» THE TASK
In the records below, which lines include "exists"? Copy them.

» RECORDS FOR PROCESSING
● ● ● ● ●

Definition preserves_kernels (C D : precat) (G : functor C D) : Prop :=
  forall X Y K (f : Hom X Y) (k : Hom K X),
    is_kernel f k -> is_kernel (fmap G f) (fmap G k).
Definition preserves_cokernels (C D : precat) (G : functor C D) : Prop :=
  forall X Y Q (f : Hom X Y) (c : Hom Y Q),
    is_cokernel f c -> is_cokernel (fmap G f) (fmap G c).

Section FullyFaithful.
Variables (C D : precat) (G : functor C D).
Hypothesis ffG : fully_faithful G.

Lemma fmap_onto (X Y : Ob C) (g : Hom (fob G X) (fob G Y)) :
  exists f : Hom X Y, fmap G f = g.
Proof. by have [Ginv _ GK] := ffG X Y; exists (Ginv g). Qed.

Lemma fully_faithful_fully_invariant_section (K X : Ob C) (k : Hom K X) :
  fully_invariant_section (fmap G k) <-> fully_invariant_section k.
Proof.
split=> [[[s' sk] kinv] | [[s sk] kinv]]; split.
- have [s sE] := fmap_onto s'; exists s; apply: (bij_inj (ffG K K)).
  by rewrite fmap_comp sE sk fmap_id.
- move=> h; have [a' ha'] := kinv (fmap G h); have [a aE] := fmap_onto a'.
  by exists a; apply: (bij_inj (ffG K X)); rewrite !fmap_comp aE.
- by exists (fmap G s); rewrite -fmap_comp sk fmap_id.
- move=> h'; have [h <-] := fmap_onto h'; have [a ha] := kinv h.
  by exists (fmap G a); rewrite -!fmap_comp ha.
Qed.

Lemma fully_faithful_strongly_rickart :
  preserves_kernels G -> has_kernels C -> forall M N : Ob C,
  strongly_rickart M N <-> strongly_rickart (fob G M) (fob G N).
Proof.
move=> presG kerC M N; split=> [rickC f' K' k' k'ker | rickD f K k kker].
- have [f fE] := fmap_onto f'; have [K [k kker]] := kerC _ _ f.
  have Gkker := presG _ _ _ _ _ kker; rewrite fE in Gkker.
  apply: (kernel_fully_invariant_section Gkker k'ker).
  by apply/fully_faithful_fully_invariant_section; exact: rickC _ _ _ kker.
- by apply/fully_faithful_fully_invariant_section/(rickD (fmap G f)); exact: presG.
Qed.

End FullyFaithful.

Lemma fully_faithful_dual_strongly_rickart (C D : precat) (G : functor C D) :
  fully_faithful G -> preserves_cokernels G -> has_cokernels C ->
  forall M N : Ob C,
  dual_strongly_rickart M N <-> dual_strongly_rickart (fob G M) (fob G N).
Proof.
move=> ffG presG cokC M N.
(* In [opposite C], cokernels, retractions and fully coinvariant epimorphisms
   are literally kernels, sections and fully invariant monomorphisms. *)
apply: (@fully_faithful_strongly_rickart _ _ (opposite_functor G)) => //.
- exact/fully_faithful_opposite.
- by move=> X Y Q f c; exact: presG.
- by move=> X Y f; exact: cokC.
Qed.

● ● ● ● ●

» SOLVED EXERCISE
  exists f : Hom X Y, fmap G f = g.
Proof. by have [Ginv _ GK] := ffG X Y; exists (Ginv g). Qed.
- have [s sE] := fmap_onto s'; exists s; apply: (bij_inj (ffG K K)).
  by exists a; apply: (bij_inj (ffG K X)); rewrite !fmap_comp aE.
- by exists (fmap G s); rewrite -fmap_comp sk fmap_id.
  by exists (fmap G a); rewrite -!fmap_comp ha.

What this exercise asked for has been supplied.